Testing midalof, expected misalof
	Found: True
	jaccard: ['misalof', 'cidal', 'alofo', 'alomi', 'falofalo', 'lalosidan', 'midadiwal', 'tadalosid', 'midawa', 'milalo']
	Found: True
	jprob: {'cidal': 0.0008196570333941169, 'lalosidan': 0.000322337035604428, 'misalof': 5.525777753218766e-05, 'tadalosid': 2.762888876609383e-05, 'midawa': 1.8419259177395885e-05, 'alofo': 9.209629588697943e-06, 'alomi': 9.209629588697943e-06, 'falofalo': 9.209629588697943e-06, 'midadiwal': 9.209629588697943e-06, 'milalo': 9.209629588697943e-06}
	Found: True
	edit: ['misalof', 'masalof', 'milalo', 'midadoy', 'mipalo', 'mifalod', "midafo'", 'mitalod', 'midaho', 'mifalah']
	Found: True
	eprob: {'misalof': 5.525777753218766e-05, 'mipalo': 3.683851835479177e-05, 'midaho': 3.683851835479177e-05, 'mifalah': 3.683851835479177e-05, 'masalof': 2.762888876609383e-05, 'milalo': 9.209629588697943e-06, 'midadoy': 9.209629588697943e-06, 'mifalod': 9.209629588697943e-06, "midafo'": 9.209629588697943e-06, 'mitalod': 9.209629

# Conclusion
From the above, it appears that it works okay for now, although there are a few issues. For now these are my thoughts.

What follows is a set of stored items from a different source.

(* Let $\beta\in(\frac{1+\sqrt5}{2},2)$ and let $(\eta_i)$ be the quasi-greedy expansion of $1$. If there exists $k_0\ge1$ such that $\overline{\eta_{k_0+1}\eta_{k_0+2}\cdots}>\eta_1\eta_2\cdots$ in the lexicographic order, then some point of the quasi-greedy orbit of $1$ lies in the open interval $(\beta^{-1},\beta^{-1}(\beta-1)^{-1})$.
   Context: The quasi-greedy expansion $(\eta_i)$ of $1$ equals the greedy $\beta$-expansion of $1$ (generated by $G(x)=\beta x\bmod1$ on $[0,1)$, $G(x)=\beta x-1$ on $[1,(\beta-1)^{-1}]$, digits $\lfloor \beta G^{n-1}(1)\rfloor$) if that is infinite; if the greedy expansion is $a_1\cdots a_n0^\infty$ with $a_n=1$, then $(\eta_i)=(a_1\cdots a_{n-1}(a_n-1))^\infty$. The quasi-greedy orbit of $1$ is $Q^i(1)=\sum_{j\ge1}\eta_{i+j}\beta^{-j}$, $i\ge1$. The bar denotes digitwise reflection $a\mapsto1-a$. *)

From Stdlib Require Import Reals Lra Lia Arith.
Open Scope R_scope.

(* floor x : Int_part x = up x - 1 satisfies  IZR (Int_part x) <= x < IZR (Int_part x) + 1 *)

Definition greedy_map (beta x : R) : R :=
  if Rlt_dec x 1 then beta * x - IZR (Int_part (beta * x)) else beta * x - 1.

Fixpoint greedy_iter (beta : R) (n : nat) (x : R) : R :=
  match n with
  | O => x
  | S m => greedy_map beta (greedy_iter beta m x)
  end.

Definition greedy_digit (beta : R) (n : nat) : nat :=
  Z.to_nat (Int_part (beta * greedy_iter beta (n - 1) 1)).

(* (eta_i)_{i>=1} is the quasi-greedy expansion of 1 in base beta
   (only the values at indices i >= 1 are meaningful). *)
Definition is_quasi_greedy (beta : R) (eta : nat -> nat) : Prop :=
  (
    (forall m : nat, exists k : nat, (k > m)%nat /\ greedy_digit beta k <> 0%nat) /\
    (forall i : nat, (1 <= i)%nat -> eta i = greedy_digit beta i) )
  \/
  ( (* greedy expansion a_1 ... a_n 0^oo with a_n <> 0: eta = (a_1 ... a_{n-1} (a_n - 1))^oo *)
    exists n : nat, (1 <= n)%nat /\ greedy_digit beta n <> 0%nat /\
      (forall m : nat, (m > n)%nat -> greedy_digit beta m = 0%nat) /\
      (forall i : nat, (1 <= i)%nat ->
         let r := (((i - 1) mod n) + 1)%nat in
         eta i = if Nat.eqb r n then (greedy_digit beta n - 1)%nat
                 else greedy_digit beta r) ).

Definition lex_gt (u v : nat -> nat) : Prop :=
  exists n : nat, (1 <= n)%nat /\
    (forall j : nat, (1 <= j < n)%nat -> u j = v j) /\ (u n > v n)%nat.

Definition reflected_tail (eta : nat -> nat) (k : nat) : nat -> nat :=
  fun j => (1 - eta (k + j))%nat.

(* q = Q^i(1) = sum_{j>=1} eta_{i+j} beta^{-j} *)
Definition is_quasi_greedy_orbit_point (beta : R) (eta : nat -> nat) (i : nat) (q : R) : Prop :=
  infinite_sum (fun j : nat => INR (eta (i + S j)%nat) / beta ^ (S j)) q.

(* Suppose no point Q^i(1), i >= 1, lies in the gap (1/beta, 1/(beta(beta-1))).  Then a
   digit 1 is only ever emitted from a point >= 1/(beta(beta-1)), which together with
   beta^2 - beta > 1 keeps the whole orbit above (2-beta)/(beta-1).  Along the block where
   the reflected tail of eta agrees with eta, the sums Q^(k0+j)(1) + Q^j(1) evolve by
   s |-> beta s - 1, so they stay >= 1/(beta-1).  At the first position where the reflected
   tail is larger, both digits are 0, and the sum jumps to >= beta/(beta-1) > 2: impossible
   for two points of [0,1]. *)
From Stdlib Require Import Reals Lra Lia Classical.
Open Scope R_scope.

(* [g i] stands for Q^i(1). *)
Definition quasi_greedy_orbit (beta : R) (eta : nat -> nat) (g : nat -> R) : Prop :=
  g 0%nat = 1 /\ (forall i, 0 < g i <= 1) /\
  (forall i, g (S i) = beta * g i - INR (eta (S i))).

Lemma Int_part_0_or_1 (r : R) : 0 <= r < 2 -> Int_part r = 0%Z \/ Int_part r = 1%Z.
Proof.
  intros Hr; destruct (base_Int_part r) as [Hlo Hhi].
  assert (Hup : IZR (Int_part r) < IZR 2) by lra.
  assert (Hdown : IZR (-1) < IZR (Int_part r)) by lra.
  apply lt_IZR in Hup; apply lt_IZR in Hdown; lia.
Qed.

Lemma inv_pow_vanishes (b eps : R) : 1 < b -> 0 < eps ->
  exists N, forall n, (N <= n)%nat -> / b ^ n < eps.
Proof.
  intros Hb Heps.
  assert (Hinv : 0 < / b < 1) by (split; [apply Rinv_0_lt_compat | rewrite <- Rinv_1;
    apply Rinv_1_lt_contravar]; lra).
  destruct (pow_lt_1_zero (/ b)) with (y := eps) as [N HN];
    [rewrite Rabs_right; lra | exact Heps |].
  exists N; intros n Hn; specialize (HN n Hn).
  rewrite <- pow_inv; rewrite Rabs_right in HN; [exact HN|].
  left; apply pow_lt; lra.
Qed.

Lemma pow_mul_bounded_eq0 (b x : R) : 1 < b -> 0 <= x -> (forall m, b ^ m * x <= 1) -> x = 0.
Proof.
  intros Hb [Hx|Hx] Hbound; [exfalso | now subst].
  destruct (inv_pow_vanishes b x Hb Hx) as [N HN]; specialize (HN N (le_n N)).
  specialize (Hbound N); assert (Hpow : 0 < b ^ N) by (apply pow_lt; lra).
  apply Rmult_lt_compat_l with (r := b ^ N) in HN; [|exact Hpow].
  rewrite Rinv_r in HN; lra.
Qed.

Section GreedyOrbit.

Variable beta : R.
Hypothesis Hbeta : 1 < beta < 2.

Lemma greedy_map_unit_interval (x : R) : 0 <= x <= 1 ->
  greedy_map beta x = beta * x - IZR (Int_part (beta * x)) /\ 0 <= greedy_map beta x.
Proof.
  intros Hx; unfold greedy_map.
  destruct (base_Int_part (beta * x)) as [Hlo Hhi].
  destruct (Rlt_dec x 1) as [Hx1|Hx1]; [split; [reflexivity | lra]|].
  assert (Hx1' : x = 1) by lra; subst x.
  destruct (Int_part_0_or_1 (beta * 1)) as [E|E]; [lra | rewrite E in Hhi; lra |].
  rewrite E; split; [reflexivity | lra].
Qed.

Lemma greedy_iter_unit_interval (k : nat) : 0 <= greedy_iter beta k 1 <= 1.
Proof.
  induction k as [|k IH]; simpl; [lra|].
  destruct (greedy_map_unit_interval _ IH) as [E Hpos]; rewrite E in *.
  destruct (base_Int_part (beta * greedy_iter beta k 1)); lra.
Qed.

1. Jaccard fails for single-letter words. (It's fixed now, but I had to go back and add a check to skip Jaccard for single letters.) This is expected, but good to know.
2. Shorter words have difficulty when the error is a swap. This is because for jaccard distance there are too few bigrams to do meaningful comparison when the word is short; for edit distance the swap is counted as 2 moves (I think), and short words will be equidistant from many other words by virtue of being a potential substring.
3. It is useful to sort the candidate words based on probability. Ideally there should be some sort of computation based on distance, probability, and even word prediction.
4. I missed some full-width punctuation in my string sterilization, as well as a few symbols (I've fixed some now).